It's the same thing in Europe.
Christine Lagarde made a promise a year ago that the European Central Bank wouldn't derail the economic recovery by withdrawing emergency support too early.
The president of the European Central Bank made a reference to the central bank's hike in interest rates in 2011. The moves were reversed just as the debt crisis was about to enter a more dangerous phase when Mario Draghi took over.
When turmoil began in Greece and spread to other economically weaker members of the region, it threatened to break the euro, but after he declared he would do "whatever it takes" to protect it, he was able to use a tool to back up his claim.
It was castigated for raising rates to fight a price spiral that eventually dissipated. The central bank under the leadership of Lagarde is being criticized for allowing inflation to rise to its highest level since the creation of the euro.
The share of Italy's debt in GDP was 150%.
Policymakers began a new cycle of rate hikes on July 21. They are having to contend with a new bout of market speculation focused on a weaker member of the eurozone. They have created a new crisis backstop to address concerns that higher borrowing costs could make the country's public finances unsustainable.
One of the last major central banks to raise rates was the European Central Bank. With inflation now at 8.6% and rising, and consistently exceeding officials' forecasts, the danger of prices getting out of control is focused on.
The European Commission forecasts show that price growth will double the target of the European Central Bank.
With the war in Ukraine already fueling inflation via higher prices for energy, fertilizer, and food, officials are pondering the impact the euro's drop to parity with the dollar might have in stoking import costs, as well as the possibility that Russia could cut off gas supplies
The European Central Bank is behind the curve when it comes to monetary policy, according to a survey of 28 forecasters. The three-quarters of a percentage point increase the US Federal Reserve delivered in June is likely to be repeated at the next meeting of the European Central Bank.

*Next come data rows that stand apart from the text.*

(* Let $B$ be a nonempty finite set and $M\subseteq\omega^B$ an upper set. Then the sequence $(\mu_0(M),\mu_1(M),\mu_2(M),\dots)$ is of one of the following forms: (1) $(0,0,\dots)$, which occurs if $M$ is empty; (2) $(0,\dots,0,r_0,\dots,r_{N-1},1,1,\dots)$ for some $N\in\omega$ and reals $0<r_0<\dots<r_{N-1}<1$; (3) $(0,\dots,0,r_0,r_1,\dots)$ for some strictly increasing sequence $(r_i)_{i\in\omega}$ of positive reals with $\lim_{i\to\infty}r_i=1$. In cases (2) and (3) the initial block of zeroes may be empty.
   Context: $\omega$ denotes the set of nonnegative integers and $\omega^B$ the set of functions $B\to\omega$, ordered pointwise. $M\subseteq\omega^B$ is an upper set if $f\in M$ and $f\le g$ imply $g\in M$. For $T\in\omega$, $\mu_T$ is the probability measure on $\omega^B$ that is uniform on $\{f\in\omega^B:\sum_{b\in B}f(b)=T\}$ and zero elsewhere. *)

From mathcomp Require Import all_boot.
From Stdlib Require Import Reals.

(* omega^B is modelled as {ffun B -> nat}; a subset M of omega^B as a
   (classically arbitrary) boolean predicate on it. *)

Definition upper_set (B : finType) (M : pred {ffun B -> nat}) : Prop :=
  forall f g : {ffun B -> nat},
    M f -> (forall b, (f b <= g b)%N) -> M g.

(* Number of f in omega^B with sum_b f b = T and f in M.  Such f take values
   <= T, so they are enumerated as functions B -> 'I_(T+1). *)
Definition level_count (B : finType) (T : nat) (M : pred {ffun B -> nat}) : nat :=
  #|[set g : {ffun B -> 'I_T.+1} |
       ((\sum_(b : B) val (g b))%N == T) && M [ffun b => val (g b)]]|.

Definition mu (B : finType) (T : nat) (M : pred {ffun B -> nat}) : R :=
  (INR (level_count B T M) / INR (level_count B T (@predT {ffun B -> nat})))%R.

(* The level of total T is  L_T = {f : B -> nat | sum_b f b = T};  write
   S_T = |L_T| and A_T = |M ∩ L_T|, so that mu_T(M) = A_T / S_T.

   Double counting the pairs (f, c) with f ∈ L_T and
   c ∈ B, weighted by (f c + 1), through the bijection f |-> f + e_c onto
   {g ∈ L_(T+1) | g c > 0}, gives for an upper set M
       (T + |B|) A_T + (boundary term) = (T + 1) A_(T+1),
   and for M = everything  (T + |B|) S_T = (T + 1) S_(T+1).  Hence
   A_T / S_T is nondecreasing; it increases strictly when 0 < A_T < S_T,
   because an exchange argument then produces f ∉ M with f + e_c ∈ M.
   If f0 ∈ M, translating by f0 shows A_(T+s) >= S_T (s = weight of f0),
   and a telescoping bound on S gives 1 - mu_(T+s) <= s(|B|-1)/(T+1).

   Any [0,1]-valued nondecreasing sequence which increases
   strictly while strictly between 0 and 1 and tends to 1 has shape (2) or
   (3).  The theorem follows: case (1) when M is empty, otherwise the
   sequence mu_T(M) satisfies these hypotheses. *)

From mathcomp Require Import all_boot.
From Stdlib Require Import Reals Lra Classical.
From mathcomp Require Import zify.
Set Implicit Arguments. Unset Strict Implicit. Unset Printing Implicit Defensive.

Lemma count_as_sum (T : Type) (P : pred T) (s : seq T) :
  count P s = \sum_(x <- s) P x.
Proof. by rewrite -sum1_count big_mkcond /=; apply: eq_bigr => x _; case: (P x). Qed.

Lemma ltn_sum_pointwise (I : finType) (F G : I -> nat) (i0 : I) :
  (forall i, F i <= G i) -> F i0 < G i0 -> \sum_i F i < \sum_i G i.
Proof.
move=> leFG ltFG; rewrite (bigD1 i0) //= [X in _ < X](bigD1 i0) //=.
by rewrite -addSn leq_add // leq_sum.
Qed.

Section Levels.
Variable B : finType.
Implicit Types (f g h : {ffun B -> nat}) (P M : pred {ffun B -> nat}).

Definition weight f : nat := \sum_(b : B) f b.

Definition level (T : nat) : seq {ffun B -> nat} :=
  map (fun g : {ffun B -> 'I_T.+1} => [ffun b => val (g b)])
      (enum [pred g : {ffun B -> 'I_T.+1} | \sum_(b : B) val (g b) == T]).

Definition bump f (c : B) : {ffun B -> nat} := [ffun b => f b + (b == c)].

Lemma coord_le_weight f b : f b <= weight f.
Proof. by rewrite /weight (bigD1 b) //= leq_addr. Qed.

Lemma level_uniq T : uniq (level T).
Proof.
rewrite map_inj_uniq ?enum_uniq // => g1 g2 /ffunP eq12.
by apply/ffunP => b; apply: val_inj; have := eq12 b; rewrite !ffunE.
Qed.

Lemma mem_level T f : (f \in level T) = (weight f == T).
Proof.
apply/mapP/idP => [[g] | /eqP wT].
  rewrite mem_enum inE => /eqP sumg ->; rewrite /weight.
  by under eq_bigr do rewrite ffunE; rewrite sumg.
have small b : f b < T.+1 by rewrite ltnS -wT coord_le_weight.
exists [ffun b => inord (f b)].
  rewrite mem_enum inE -[X in _ == X]wT; apply/eqP/eq_bigr => b _.
  by rewrite ffunE /= inordK.
by apply/ffunP => b; rewrite !ffunE /= inordK.
Qed.

Lemma level_countE T P : level_count B T P = count P (level T).
Proof.
rewrite /level_count /level count_map -sum1_count -sum1_card.
rewrite big_enum_cond /= [LHS]big_mkcond [RHS]big_mkcond /=.
by apply: eq_bigr => g _; rewrite !inE; case: (_ == _).
Qed.

Lemma weight_bump f c : weight (bump f c) = (weight f).+1.
Proof.
rewrite /weight; under eq_bigr do rewrite ffunE.
rewrite big_split /= -addn1; congr (_ + _).
by rewrite (bigD1 c) //= eqxx big1 // => b /negbTE ->.
Qed.
(* Suppose the market satisfies the bounded-ratio assumption. Let $\Theta$ be a totally bounded subset of $L^\infty(\Delta_n,\overline{\Delta}_n)$ (with the supremum metric) and let $\nu_0$ be any Borel probability measure on $\Theta$ with full support. Then $\lim_{t\to\infty}\frac1t\log\frac{\widehat V(t)}{V^*(t)}=0$, i.e. Cover's portfolio satisfies the universality property.
   Context: $n\ge2$; $\Delta_n$, $\overline{\Delta}_n$ the open and closed unit simplices in $\mathbb R^n$. Bounded-ratio assumption: the market weight sequence $\{\mu(t)\}_{t\ge0}\subset\Delta_n$ satisfies $\frac1M\le\mu_i(t+1)/\mu_i(t)\le M$ for some constant $M>0$ and all $i,t$. $L^\infty(\Delta_n,\overline{\Delta}_n)$ is the set of maps $\Delta_n\to\overline{\Delta}_n$ with metric $\|\pi-\eta\|_\infty=\sup_p|\pi(p)-\eta(p)|$; $\Theta$ carries the induced topology, and $(p,\pi)\mapsto\pi(p)$ is assumed jointly measurable. Relative value: $V_\pi(0)=1$, $V_\pi(t+1)=V_\pi(t)\sum_i\pi_i(\mu(t))\mu_i(t+1)/\mu_i(t)$. $\widehat V(t)=\int_\Theta V_\pi(t)\,d\nu_0(\pi)$ (the relative value of Cover's portfolio $\widehat\pi(t)=\int\pi(\mu(t))\,d\nu_t(\pi)$, $\nu_t\propto V_\pi(t)\nu_0$), and $V^*(t)=\sup_{\pi\in\Theta}V_\pi(t)$. Full support: the smallest closed set of full measure is $\Theta$. *)

From HB Require Import structures.
From mathcomp Require Import all_boot all_order all_algebra.
From mathcomp Require Import all_classical all_reals all_analysis.
Unset Printing Implicit Defensive.
Import Order.TTheory GRing.Theory Num.Theory.
Local Open Scope classical_set_scope.
Local Open Scope ring_scope.

(* Vectors of R^n are represented as n.-tuple R (which carries the product,
   i.e. Borel, sigma-algebra in MathComp-Analysis). *)

Definition open_simplex (R : realType) (n : nat) : set (n.-tuple R) :=
  [set p | (forall i : 'I_n, 0 < tnth p i) /\ \sum_(i < n) tnth p i = 1].

Definition closed_simplex (R : realType) (n : nat) : set (n.-tuple R) :=
  [set p | (forall i : 'I_n, 0 <= tnth p i) /\ \sum_(i < n) tnth p i = 1].

Definition vdist (R : realType) (n : nat) (x y : n.-tuple R) : R :=
  Num.sqrt (\sum_(i < n) (tnth x i - tnth y i) ^+ 2).

Definition supdist (R : realType) (n : nat)
    (f g : n.-tuple R -> n.-tuple R) : R :=
  sup [set vdist R n (f p) (g p) | p in open_simplex R n].

(* elements of L^infty(Delta_n, closed Delta_n), as total functions whose
   values on Delta_n lie in the closed simplex (only values on Delta_n matter) *)
Definition Linf_map (R : realType) (n : nat) (f : n.-tuple R -> n.-tuple R) :=
  forall p, open_simplex R n p -> closed_simplex R n (f p).

Definition dist_open (R : realType) (T : Type) (dist : T -> T -> R)
    (U : set T) : Prop :=
  forall a, U a -> exists2 e : R, 0 < e & forall b, dist a b < e -> U b.
(* Let $b,c\in Z^{10}$ with $\sum_i b_i=\sum_i c_i=0$, and assume $t\nmid B_i$ and $t\nmid C_i$ for all odd $i$. Let $l$ be odd such that $t\mid B_l+B_{l+2}$, $t\mid B_{l+2}+B_{l+4}$, $t\nmid B_i+B_{i+2}$ for all odd $i\notin\{l,l+2\}$, and likewise $t\mid C_l+C_{l+2}$, $t\mid C_{l+2}+C_{l+4}$, $t\nmid C_i+C_{i+2}$ for all odd $i\notin\{l,l+2\}$ (indices mod $10$). Then $\mathbb{M}(b)$ and $\mathbb{M}(c)$ are isomorphic $B_{5,10}$-modules.
   Context: Let $Z=\mathbb{C}[[t]]$. Let $\Gamma_{10}$ be the quiver with vertices $0,1,\dots,9$ (indices taken mod $10$) on a cycle and arrows $x_i\colon i-1\to i$, $y_i\colon i\to i-1$ for $i=1,\dots,10$. Let $B_{5,10}$ be the completed path algebra of $\Gamma_{10}$ modulo the closed ideal generated by $xy=yx$ and $x^5=y^5$ at every vertex. For $b=(b_1,\dots,b_{10})\in Z^{10}$ with $\sum_i b_i=0$, the $B_{5,10}$-module $\mathbb{M}(b)$ has $V_i=Z\oplus Z$ at every vertex, and for odd $j$: $x_j=\begin{pmatrix} t& b_j\\ 0&1\end{pmatrix}$, $y_j=\begin{pmatrix} 1&-b_j\\0&t\end{pmatrix}$; for even $j$: $x_j=\begin{pmatrix}1&b_j\\0&t\end{pmatrix}$, $y_j=\begin{pmatrix}t&-b_j\\0&1\end{pmatrix}$. An isomorphism $\mathbb{M}(b)\to\mathbb{M}(c)$ is a family of invertible $Z$-linear maps $\varphi_i\colon Z^2\to Z^2$ commuting with all $x_i$ and $y_i$. For odd $i$ write $B_i=b_i+b_{i+1}$ and $C_i=c_i+c_{i+1}$ (indices mod $10$). *)

From HB Require Import structures.
From mathcomp Require Import all_boot all_order all_algebra.
From mathcomp Require Import boolp.
From mathcomp Require Import complex.
From mathcomp Require Import Rstruct.
Set Implicit Arguments. Unset Strict Implicit. Unset Printing Implicit Defensive.
Import Order.TTheory GRing.Theory Num.Theory.
Local Open Scope ring_scope.

Record fps (K : Type) := FPS { coeff : nat -> K }.
Arguments FPS {K} _.
Arguments coeff {K} _ _.

Lemma fps_ext (K : Type) (f g : fps K) : coeff f =1 coeff g -> f = g.
Proof. by case: f; case: g => g f /funext /= ->. Qed.

HB.instance Definition _ (K : Type) := gen_eqMixin (fps K).
HB.instance Definition _ (K : Type) := gen_choiceMixin (fps K).

Section FPSRing.
Variable K : comNzRingType.

Definition fps0 : fps K := FPS (fun _ => 0).
Definition fpsD (f g : fps K) : fps K := FPS (fun n => coeff f n + coeff g n).
Definition fpsN (f : fps K) : fps K := FPS (fun n => - coeff f n).
Definition fps1 : fps K := FPS (fun n => (n == 0%N)%:R).
Definition fpsM (f g : fps K) : fps K :=
  FPS (fun n => \sum_(i < n.+1) coeff f i * coeff g (n - i)%N).

Lemma fpsDA : associative fpsD.
Proof. by move=> f g h; apply: fps_ext => n /=; rewrite addrA. Qed.
Lemma fpsDC : commutative fpsD.
Proof. by move=> f g; apply: fps_ext => n /=; rewrite addrC. Qed.
Lemma fps0D : left_id fps0 fpsD.
Proof. by move=> f; apply: fps_ext => n /=; rewrite add0r. Qed.
Lemma fpsND : left_inverse fps0 fpsN fpsD.
Proof. by move=> f; apply: fps_ext => n /=; rewrite addNr. Qed.

HB.instance Definition _ := GRing.isZmodule.Build (fps K) fpsDA fpsDC fps0D fpsND.

Definition trunc (n : nat) (f : fps K) : {poly K} := \poly_(i < n.+1) coeff f i.

Lemma fpsM_poly n (f g : fps K) (P Q : {poly K}) :
  (forall i, (i <= n)%N -> P`_i = coeff f i) ->
  (forall i, (i <= n)%N -> Q`_i = coeff g i) ->
  coeff (fpsM f g) n = (P * Q)`_n.
Proof.
move=> hP hQ; rewrite coefM /=; apply: eq_bigr => i _.
by rewrite hP ?hQ ?leq_subr // -ltnS.
Qed.

Lemma truncE n (f : fps K) i : (i <= n)%N -> (trunc n f)`_i = coeff f i.
Proof. by move=> hi; rewrite coef_poly ltnS hi. Qed.

Lemma fpsM_trunc n (f g : fps K) i : (i <= n)%N ->
  (trunc n f * trunc n g)`_i = coeff (fpsM f g) i.
Proof.
move=> hi; symmetry; apply: fpsM_poly => j hj; apply: truncE;
  exact: leq_trans hj hi.
Qed.

Lemma fpsMA : associative fpsM.
Proof.
move=> f g h; apply: fps_ext => n.
rewrite (@fpsM_poly n f (fpsM g h) (trunc n f) (trunc n g * trunc n h));
  last 2 first.
- by move=> i hi; rewrite truncE.
- by move=> i hi; rewrite fpsM_trunc.
rewrite (@fpsM_poly n (fpsM f g) h (trunc n f * trunc n g) (trunc n h)).
- by rewrite mulrA.
- by move=> i hi; rewrite fpsM_trunc.
- by move=> i hi; rewrite truncE.
Qed.

Lemma fpsMC : commutative fpsM.
Proof.
move=> f g; apply: fps_ext => n.
by rewrite -(@fpsM_trunc n) // -[RHS](@fpsM_trunc n) // mulrC.
Qed.

Lemma fps1M : left_id fps1 fpsM.
Proof.
move=> f; apply: fps_ext => n.
rewrite (@fpsM_poly n fps1 f 1 (trunc n f)).
- by rewrite mul1r truncE.
- by move=> i _; rewrite coef1.
- by move=> i hi; rewrite truncE.
Qed.

Lemma fpsMDl : left_distributive fpsM fpsD.
Proof.
move=> f g h; apply: fps_ext => n /=.
by rewrite -big_split /=; apply: eq_bigr => i _; rewrite mulrDl.
Qed.

Lemma fps1_neq0 : fps1 != fps0.
Proof.
apply/eqP => /(congr1 (fun f => coeff f 0%N)) /= /eqP.
by rewrite oner_eq0.
Qed.

HB.instance Definition _ :=
  GRing.Zmodule_isComNzRing.Build (fps K) fpsMA fpsMC fps1M fpsMDl fps1_neq0.

Definition fps_t : fps K := FPS (fun n => (n == 1%N)%:R).

End FPSRing.

Definition CC : Type := (Rdefinitions.R)[i].
Definition Z : comNzRingType := fps CC.
Definition t : Z := fps_t CC.

Definition dvdZ (a f : Z) : Prop := exists g : Z, f = a * g.

(* indices (of arrows / vertices / entries of b) taken mod 10;
   the index j in {1,...,10} is represented by j mod 10 in 'I_10,
   so that vertex 10 = vertex 0 and b_10 = b 0; parity is preserved. *)
Definition idx (k : nat) : 'I_10 := inord (k %% 10).

Definition mx2 (a b c d : Z) : 'M[Z]_2 :=
  \matrix_(r < 2, s < 2)
    if r == 0 then (if s == 0 then a else b) else (if s == 0 then c else d).

(* The matrices of the arrows x_j : j-1 -> j and y_j : j -> j-1 of M(b),
   acting on column vectors of V_i = Z (+) Z. *)
Definition xmat (b : 'I_10 -> Z) (j : 'I_10) : 'M[Z]_2 :=
  if odd j then mx2 (t) (b j) (0) (1)
  else mx2 (1) (b j) (0) (t).

Definition ymat (b : 'I_10 -> Z) (j : 'I_10) : 'M[Z]_2 :=
  if odd j then mx2 (1) (- b j) (0) (t)
  else mx2 (t) (- b j) (0) (1).

(* An isomorphism M(b) -> M(c): invertible Z-linear maps phi_i : Z^2 -> Z^2
   (i.e. invertible 2x2 matrices over Z), one per vertex, commuting with
   all x_j : j-1 -> j and y_j : j -> j-1. *)
Definition invertible_mx (A : 'M[Z]_2) : Prop :=
  exists B : 'M[Z]_2, A *m B = 1%:M /\ B *m A = 1%:M.

Definition Miso (b c : 'I_10 -> Z) : Prop :=
  exists phi : 'I_10 -> 'M[Z]_2,
    (forall i, invertible_mx (phi i)) /\
    (forall j : 'I_10,
       phi j *m xmat b j = xmat c j *m phi (idx (j + 9))) /\
    (forall j : 'I_10,
       phi (idx (j + 9)) *m ymat b j = ymat c j *m phi j).

Definition Bsum (b : 'I_10 -> Z) (i : 'I_10) : Z := b i + b (idx (i + 1)).

(* Rotate the cycle so that the distinguished odd index l becomes position 1,
   and build the isomorphism as a chain of 2x2 matrices Phi_k (k = 0..10)
   along the rotated path.  With B_k, C_k the partial sums of b, c and
   V_k = sg C_k - pi B_k - rh B_k C_k, put
     Phi_k = [pi + rh C_k, V_k ; rh, sg - rh B_k]          (k odd),
     Phi_k = [pi + rh C_k, V_k / t ; t rh, sg - rh B_k]    (k even),
   for constants pi, sg, rh.  Each square "Phi_k x_k = x_k Phi_(k-1)" is a
   polynomial identity once t | V_k for even k, det Phi_k = pi sg, and
   B_10 = C_10 = 0 closes the chain (Phi_10 = Phi_0).  Divisibility by t only
   involves constant terms: the hypotheses force the constant terms of
   B_0, B_2, ..., B_10 to be 0, a, 0, a, -y, 0, and the choice
   pi = e y' (a + y), sg = a y (e + y'), rh = e y - a y' kills all of them
   simultaneously, with pi sg <> 0. *)

From HB Require Import structures.
From mathcomp Require Import all_boot all_order all_algebra.
From mathcomp Require Import ring zify.
From mathcomp Require Import complex Rstruct.
Set Implicit Arguments. Unset Strict Implicit. Unset Printing Implicit Defensive.
Import GRing.Theory.
Local Open Scope ring_scope.

Local Notation CR := (Rdefinitions.R)[i].

Definition c0 (f : Z) : CR := coeff f 0.

Lemma c0D f g : c0 (f + g) = c0 f + c0 g. Proof. by []. Qed.
Lemma c0N f : c0 (- f) = - c0 f. Proof. by []. Qed.
Lemma c0M f g : c0 (f * g) = c0 f * c0 g. Proof. by rewrite /c0 /= big_ord1. Qed.
Lemma c0t : c0 t = 0. Proof. by []. Qed.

Increasing warnings that a recession may be about to strike the region, even without the cessation of Russian gas flows, may cause officials to think twice about too aggressive an approach. According to analysts surveyed, there is a 45% chance of a recession in the next year. Germany, Europe's biggest economy, is more dependent on Russia for gas than most other countries.
There is a chance that a big rate move could cause turmoil in Italy, where Mario Draghi resigned as prime minister just hours before the rate decision was announced.
The departure of the region's third-largest economy from the euro would pose a real danger if it had left. It is hard to imagine the currency project continuing without Italy being a founding member of the European Coal andSteel Community.
When Lagarde confirmed a timetable of rate hikes in June, investors worried that the higher costs of servicing Italy's public debt could become too much to bear. The yield on Italy's 10-year debt rose for the first time in three years. The president of the European Central Bank had to call an emergency meeting to convince officials of the need to create a new tool.
Policymakers want it to be the same as the instrument unveiled by Draghi a decade ago. Outright Monetary Transactions allowed the European Central Bank to buy bonds from weaker euro members in exchange for strict conditions on the conduct of economic policy. Without its existence, speculators wouldn't be at risk. It has fallen out of favor because of the political stigma.
Lagarde will have to create a new backstop that investors will be impressed with. The question of whether the transmission protection instrument can achieve that is going to be answered in the coming months.
The US is exporting inflation and the Fed hikes will make it worse.